REQUIRED ACTION » Below are the entries; give again exactly the lines from the one mentioning "by rewrite (cube_frac0 x_cube frac0)." through the one mentioning "Definition vertex_norm f", inclusive.

Stored data:
Lemma cube_frac0 x : cube x -> frac x = set0 -> x = vertex R [set j | x j == 1].
Proof.
move=> x_cube frac0; apply/funext => j; rewrite /vertex inE.
have /andP [xj_ge0 xj_le1] := x_cube j.
have : j \notin frac x by rewrite frac0 inE.
rewrite inE negb_and -!leNgt => /orP [xj_le0|xj_ge1].
  have -> : x j = 0 by apply/le_anti; rewrite xj_le0 xj_ge0.
  by rewrite eq_sym oner_eq0.
have -> : x j = 1 by apply/le_anti; rewrite xj_ge1 xj_le1.
by rewrite eqxx.
Qed.

Section CubeSplit.
Variables (x : 'I_d -> R).
Hypotheses (x_cube : cube x) (frac_x : frac x != set0).

Let t := smax x (frac x).

Let t_bounds : 0 < t < 1.
Proof. by have [j] := smax_attained x frac_x; rewrite inE /t => + ->. Qed.

Let t_gt0 : 0 < t. Proof. by case/andP: t_bounds. Qed.
Let t_lt1 : t < 1. Proof. by case/andP: t_bounds. Qed.

Let x_le_t_or_1 j : x j <= t \/ x j = 1.
Proof.
have /andP [xj_ge0 xj_le1] := x_cube j.
have [xj_frac|] := boolP (j \in frac x); first by left; exact: smax_ub.
rewrite inE negb_and -!leNgt => /orP [xj_le0|xj_ge1].
  by left; rewrite (le_trans xj_le0) // ltW.
by right; apply/le_anti; rewrite xj_le1.
Qed.

Let phi (u : R) : R := if t < u then 1 else 0.
Let psi (u : R) : R := Num.min (u / t) 1.

Let phi_homo : {homo phi : u v / u <= v}.
Proof.
move=> u v uv; rewrite /phi; case: ifP => [tu|_]; first by rewrite (lt_le_trans tu uv).
by case: ifP; rewrite ?ler01.
Qed.

Let psi_homo : {homo psi : u v / u <= v}.
Proof.
move=> u v uv; rewrite /psi le_min !ge_min lexx orbT andbT.
by rewrite ler_pM2r ?invr_gt0 // uv.
Qed.

Let phi0 : phi 0 = 0. Proof. by rewrite /phi ltNge ltW. Qed.
Let psi0 : psi 0 = 0. Proof. by rewrite /psi mul0r; apply/min_idPl. Qed.

Let psi_le_t u : u <= t -> psi u = u / t.
Proof. by move=> u_le; apply/min_idPl; rewrite ler_pdivrMr // mul1r. Qed.

Let psi1 : psi 1 = 1.
Proof. by apply/min_idPr; rewrite mul1r invf_ge1 // ltW. Qed.

Let phi_psi_split j : (1 - t) * phi (x j) + t * psi (x j) = x j.
Proof.
case: (x_le_t_or_1 j) => [xj_le|->]; last by rewrite /phi t_lt1 psi1 !mulr1 subrK.
by rewrite /phi ltNge xj_le /= mulr0 add0r psi_le_t // mulrC divfK ?gt_eqF.
Qed.

Let psi_cube : cube (psi \o x).
Proof.
move=> j /=; have /andP [xj_ge0 _] := x_cube j.
by rewrite /psi le_min ge_min lexx orbT ler01 andbT divr_ge0 // ltW.
Qed.

Lemma cube_split : exists t S z,
  [/\ 0 < t < 1, cube z, (#|frac z| < #|frac x|)%N
    & forall A, smax x A = (1 - t) * smax (vertex R S) A + t * smax z A].
Proof.
have [jt jt_frac xjt] := smax_attained x frac_x; rewrite -/t in xjt.
have psi_frac : frac (psi \o x) \subset frac x :\ jt.
  apply/fintype.subsetP => j; rewrite !inE /=.
  case: (x_le_t_or_1 j) => [xj_le|->]; last by rewrite psi1 ltxx andbF.
  rewrite psi_le_t // pmulr_lgt0 ?invr_gt0 // ltr_pdivrMr // mul1r.
  case/andP=> xj_gt0 xj_lt_t; rewrite xj_gt0 (lt_trans xj_lt_t) // !andbT.
  by apply: contraTneq xj_lt_t => ->; rewrite -xjt ltxx.
exists t, [set j | t < x j], (psi \o x); split => //.
  apply: leq_ltn_trans (subset_leq_card psi_frac) _.
  by rewrite [X in (_ < X)%N](cardsD1 jt) jt_frac.
have -> : vertex R [set j | t < x j] = phi \o x.
  by apply/funext => j; rewrite /vertex /phi inE /=; case: ifP.
move=> A; apply: (smax_comonotone _ phi_homo psi_homo phi0 psi0) => //.
  by rewrite subr_ge0 ltW.
exact: ltW.
Qed.

End CubeSplit.

Definition smax_affine f :=
  exists c (g : {set 'I_d} -> R), forall x, f x = c + \sum_A g A * smax x A.

Lemma smax_affine_convex f x y z t : smax_affine f ->
  (forall A, smax x A = (1 - t) * smax y A + t * smax z A) ->
  f x = (1 - t) * f y + t * f z.
Proof.
case=> c [g fE] xE; rewrite !fE.
have -> : \sum_A g A * smax x A =
    (1 - t) * \sum_A g A * smax y A + t * \sum_A g A * smax z A.
  by rewrite !mulr_sumr -big_split; apply: eq_bigr => A _; rewrite /= xE; ring.
ring.
Qed.

Lemma smax_affine_cube_bound f E : smax_affine f ->
  (forall S, `|f (vertex R S)| <= E) -> forall x, cube x -> `|f x| <= E.
Proof.
move=> f_affine f_vertex x; have [n] := ubnP #|frac x|.
elim: n x => // n IH x frac_lt x_cube.
have [frac0|frac_neq0] := eqVneq (frac x) set0.
  by rewrite (cube_frac0 x_cube frac0).
have [t [S [z [/andP [t_gt0 t_lt1] z_cube z_frac xE]]]] :=
  cube_split x_cube frac_neq0.
have fz_le : `|f z| <= E by apply: IH => //; apply: leq_trans z_frac _.
rewrite (smax_affine_convex f_affine xE).
apply: le_trans (ler_normD _ _) _.
rewrite !normrM (ger0_norm (ltW t_gt0)) ger0_norm ?subr_ge0 ?(ltW t_lt1) //.
apply: le_trans (_ : _ <= (1 - t) * E + t * E) _; last by rewrite -mulrDl subrK mul1r.
by apply: lerD; apply: ler_wpM2l => //; rewrite ?subr_ge0 ltW.
Qed.

Definition vertex_norm f : R := \big[Num.max/0]_(S : {set 'I_d}) `|f (vertex R S)|.

Lemma supnorm_vertex_norm f : smax_affine f -> supnorm f = vertex_norm f.
Proof.
move=> f_affine; rewrite /supnorm; set E := [set _ | _ in _]%classic.
have vertex_E S : E `|f (vertex R S)| by exists (vertex R S); first exact: vertex_cube.
have E_ub : ubound E (vertex_norm f).
  move=> _ [x x_cube <-]; apply: smax_affine_cube_bound x_cube => // S.
  exact: le_bigmax.
apply/le_anti; rewrite ge_sup //; last exact: ex_intro _ _ (vertex_E set0).
have E_sup := ub_le_sup (ex_intro _ _ E_ub).
apply: bigmax_le => [|S _]; last exact: E_sup.
exact: le_trans (normr_ge0 _) (E_sup _ (vertex_E set0)).
Qed.

End CubeVertices.

Section Symmetrization.
Variables (R : realType) (d : nat).
Implicit Types (x : 'I_d -> R) (f m : ('I_d -> R) -> R) (Rs : {set 'I_d}).

Lemma inM_smax_affine Rs m : inM Rs m -> smax_affine (fun x => m x - maxf x).
Proof.
case=> b0 [beta mE]; exists (if [exists r in Rs, val r == 0%N] then b0 else 0).
exists (fun A => (if admissible Rs A then beta A else 0) - (A == [set: 'I_d])%:R).
move=> x; rewrite mE -addrA; congr (_ + _).
have -> : maxf x = \sum_A (A == [set: 'I_d])%:R * smax x A.
  by rewrite (bigD1 [set: 'I_d]) //= eqxx mul1r big1 ?addr0 // => A /negbTE ->; rewrite mul0r.
rewrite big_mkcond -sumrB; apply: eq_bigr => A _.
by case: ifP; rewrite mulrBl ?mul0r.
Qed.

Lemma maxf_perm (s : 'S_d) x : maxf (fun i => x (s i)) = maxf x.
Proof.
by rewrite /maxf smax_perm im_perm_on //; apply/fintype.subsetP => i; rewrite inE.
Qed.

Definition symmetrize f x : R :=
  #|'S_d|%:R^-1 * \sum_(s : 'S_d) f (fun i => x (s i)).

Let card_Sd_neq0 : #|'S_d|%:R != 0 :> R.
Proof. by rewrite card_Sn pnatr_eq0 -lt0n fact_gt0. Qed.

Lemma symmetrize_perm f (s : 'S_d) x :
  symmetrize f x = symmetrize f (fun i => x (s i)).
Proof.
rewrite /symmetrize (reindex_inj (mulIg s)); congr (_ * _); apply: eq_bigr => t _.
by congr f; apply/funext => i; rewrite permM.
Qed.

Lemma symmetrize_sub_maxf f x :
  symmetrize f x - maxf x = symmetrize (fun y => f y - maxf y) x.
Proof.
rewrite /symmetrize sumrB mulrBr; congr (_ - _).
under eq_bigr => s _ do rewrite maxf_perm.
by rewrite sumr_const -[maxf x *+ _]mulr_natl mulrA mulVf ?mul1r.
Qed.

Lemma vertex_perm (s : 'S_d) S : (fun i => vertex R S (s i)) = vertex R (s @^-1: S).
Proof. by apply/funext => i; rewrite /vertex inE. Qed.

Lemma vertex_norm_symmetrize f : vertex_norm (symmetrize f) <= vertex_norm f.
Proof.
apply: bigmax_le => [|S _]; first exact: bigmax_ge_id.
rewrite /symmetrize normrM ger0_norm ?invr_ge0 // ler_pdivrMl ?lt0r ?card_Sd_neq0 ?ler0n //.
apply: le_trans (ler_norm_sum _ _ _) _; rewrite mulr_natl -sumr_const.
by apply: ler_sum => s _; rewrite vertex_perm; apply: le_bigmax.
Qed.

Lemma inM_symmetrize Rs m : inM Rs m -> inM Rs (symmetrize m).
Proof.
case=> b0 [beta mE]; set c := (if _ then b0 else 0) in mE.
exists b0, (fun B : {set 'I_d} => #|'S_d|%:R^-1 * \sum_(s : 'S_d) beta (s^-1%g @: B)) => x.
rewrite /symmetrize; under eq_bigr => s _ do rewrite mE.
rewrite big_split /= sumr_const mulrDr -[c *+ _]mulr_natl mulrA mulVf // mul1r.
have reindex (s : 'S_d) : \sum_(A | admissible Rs A) beta A * smax (fun i => x (s i)) A =
    \sum_(B | admissible Rs B) beta (s^-1%g @: B) * smax x B.
  rewrite (reindex_inj (imset_inj (@perm_inj _ s^-1%g))) /=.
  apply: eq_big => [B|B _]; first by rewrite /admissible card_imset //; apply: perm_inj.
  by rewrite smax_perm -imset_comp (eq_imset _ (permKV s)) imset_id.
under eq_bigr => s _ do rewrite reindex.
rewrite exchange_big mulr_sumr; congr (_ + _); apply: eq_bigr => B _.
by rewrite -mulr_suml mulrA.
Qed.

End Symmetrization.

Section CoefficientBounds.
Variables (R : realType) (d : nat) (c : R) (g : {set 'I_d} -> R).

Local Notation value S := (c + \sum_A g A * smax (vertex R S) A).

Hypothesis g_set0 : g set0 = 0.
Hypothesis value_bounded : forall S, `|value S| <= 2.

Let valueE S : value S = c + \sum_A g A * (A :&: S != set0)%:R.
Proof. by under eq_bigr => A _ do rewrite smax_vertex. Qed.

Lemma intercept_bound : `|c| <= 2.
Proof.
have := value_bounded set0; rewrite valueE.
by under eq_bigr => A _ do rewrite setI0 eqxx mulr0; rewrite big1 ?addr0.
Qed.

Lemma sum_subset_coefE (T : {set 'I_d}) :
  \sum_(A : {set 'I_d} | A \subset T) g A = value [set: 'I_d] - value (~: T).
Proof.
rewrite !valueE opprD addrACA subrr add0r -sumrB big_mkcond /=.
apply: eq_bigr => A _; have [->|A_neq0] := eqVneq A set0.
  by rewrite g_set0 !mul0r subrr; case: ifP.
rewrite setIT A_neq0 -setDE setD_eq0 /=.
by case: (A \subset T); rewrite /= ?mulr0 ?mulr1 ?subr0 ?subrr.
Qed.

Definition coef_radius : R := 4 * (#|{set 'I_d}|%:R + 1) ^+ d.

Lemma coef_radius_ge2 : 2 <= coef_radius.
Proof. by rewrite /coef_radius -[2]mulr1 ler_pM // ?exprn_ege1 ?lerDr //; lra. Qed.

Lemma coef_bound T : `|g T| <= coef_radius.
Proof.
pose M : R := #|{set 'I_d}|%:R.
have M_ge0 : 0 <= M by rewrite ler0n.
suff bound k : forall T : {set 'I_d}, (#|T| <= k)%N -> `|g T| <= 4 * (M + 1) ^+ k.
  by apply: bound; apply: leq_trans (max_card _) _; rewrite card_ord.
elim: k => [|k IH] {}T T_card.
  move: T_card; rewrite leqn0 cards_eq0 => /eqP ->.
  by rewrite g_set0 normr0 mulr_ge0 // exprn_ge0 // addr_ge0.
have subset_le : `|\sum_(A : {set 'I_d} | A \subset T) g A| <= 4.
  rewrite sum_subset_coefE; apply: le_trans (ler_normB _ _) _.
  by have := value_bounded [set: 'I_d]; have := value_bounded (~: T); lra.
have proper_le :
    `|\sum_(A : {set 'I_d} | (A \subset T) && (A != T)) g A| <= M * (4 * (M + 1) ^+ k).
  apply: le_trans (ler_norm_sum _ _ _) _.
  apply: le_trans (_ : _ <= \sum_(A : {set 'I_d}) 4 * (M + 1) ^+ k) _.
    rewrite big_mkcond /=; apply: ler_sum => A _; case: ifP => [/andP [AT A_neqT]|_].
      apply: IH; rewrite -ltnS; apply: leq_trans T_card; apply: proper_card.
      by rewrite properEneq A_neqT.
    by rewrite mulr_ge0 // exprn_ge0 // addr_ge0.
  by rewrite sumr_const -[_ *+ _]mulr_natl.
set proper_sum := \sum_(A : {set 'I_d} | _) g A in proper_le.
rewrite (bigD1 T) //= -/proper_sum in subset_le.
have -> : g T = (g T + proper_sum) - proper_sum by rewrite addrK.
apply: le_trans (ler_normB _ _) _; apply: le_trans (lerD subset_le proper_le) _.
have pow_ge1 : 1 <= (M + 1) ^+ k by rewrite exprn_ege1 // lerDr.
rewrite exprS; nra.
Qed.

End CoefficientBounds.

Lemma norm_maxf_vertex (R : realType) d (S : {set 'I_d}) : `|maxf (vertex R S)| <= 1.
Proof.
by rewrite /maxf smax_vertex setTI; case: (S != set0); rewrite ?normr1 ?normr0.
Qed.

Section Parametrization.
Variables (R : realType) (d : nat) (Rs : {set 'I_d}).
Local Notation N := #|{: option {set 'I_d}}|.
Implicit Types (p : 'rV[R]_N) (x : 'I_d -> R).

Definition coef p (o : option {set 'I_d}) : R := p ord0 (enum_rank o).

Definition model p x : R :=
  (if [exists r in Rs, val r == 0%N] then coef p None else 0)
  + \sum_(A | admissible Rs A) coef p (Some A) * smax x A.

Lemma inM_model p : inM Rs (model p).
Proof. by exists (coef p None), (fun A => coef p (Some A)). Qed.

Lemma model0 x : model 0 x = 0.
Proof.
rewrite /model /coef mxE big1 ?addr0 => [|A _]; first by case: ifP.
by rewrite mxE mul0r.
Qed.

Lemma vertex_norm_model0 : vertex_norm (fun x => model 0 x - maxf x) <= 1.
Proof.
by apply: bigmax_le => // S _; rewrite model0 sub0r normrN norm_maxf_vertex.
Qed.

Lemma continuous_vertex_norm_model :
  continuous (fun p => vertex_norm (fun x => model p x - maxf x)).
Proof.
apply: continuous_big => [|S _ p]; first exact: max_continuous.
apply: (@continuous_comp _ _ _ (fun p => model p (vertex R S) - maxf (vertex R S)) Num.norm);
  last exact: norm_continuous.
apply: continuousB; last exact: cst_continuous.
apply: continuousD.
  by case: [exists r in Rs, val r == 0%N]; [exact: coord_continuous|exact: cst_continuous].
apply: continuous_big => [|A _ q]; first exact: add_continuous.
by apply: continuousM; [exact: coord_continuous|exact: cst_continuous].
Qed.

Lemma inM_model_box m : inM Rs m -> vertex_norm (fun x => m x - maxf x) <= 1 ->
  exists2 p : 'rV[R]_N, (forall i, `|p ord0 i| <= coef_radius R d) & m = model p.
Proof.
case=> b0 [beta mE] m_near; set c := (if _ then b0 else 0) in mE.
pose g A := if admissible Rs A then beta A else 0.
pose p : 'rV[R]_N := \row_i (if enum_val i is Some A then g A else c).
have coefE o : coef p o = if o is Some A then g A else c.
  by rewrite /coef mxE enum_rankK.
have g_set0 : g set0 = 0 by rewrite /g /admissible cards0.
have value_bounded S : `|c + \sum_A g A * smax (vertex R S) A| <= 2.
  have -> : c + \sum_A g A * smax (vertex R S) A = m (vertex R S).
    rewrite mE [in RHS]big_mkcond; congr (_ + _); apply: eq_bigr => A _.
    by rewrite /g; case: ifP; rewrite ?mul0r.
  rewrite -[m _](subrK (maxf (vertex R S))); apply: le_trans (ler_normD _ _) _.
  have := le_trans (le_bigmax _ _ S) m_near.
  by have := norm_maxf_vertex R S; lra.
exists p => [i|].
  rewrite mxE; case: (enum_val i) => [A|]; first exact: coef_bound.
  exact: le_trans (intercept_bound value_bounded) (coef_radius_ge2 R d).
apply/funext => x; rewrite mE /model !coefE; congr (_ + _); first by rewrite /c; case: ifP.
by apply: eq_bigr => A A_adm; rewrite coefE /g A_adm.
Qed.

WRITTEN ANSWER »
  by rewrite (cube_frac0 x_cube frac0).
have [t [S [z [/andP [t_gt0 t_lt1] z_cube z_frac xE]]]] :=
  cube_split x_cube frac_neq0.
have fz_le : `|f z| <= E by apply: IH => //; apply: leq_trans z_frac _.
rewrite (smax_affine_convex f_affine xE).
apply: le_trans (ler_normD _ _) _.
rewrite !normrM (ger0_norm (ltW t_gt0)) ger0_norm ?subr_ge0 ?(ltW t_lt1) //.
apply: le_trans (_ : _ <= (1 - t) * E + t * E) _; last by rewrite -mulrDl subrK mul1r.
by apply: lerD; apply: ler_wpM2l => //; rewrite ?subr_ge0 ltW.
Qed.

Definition vertex_norm f : R := \big[Num.max/0]_(S : {set 'I_d}) `|f (vertex R S)|.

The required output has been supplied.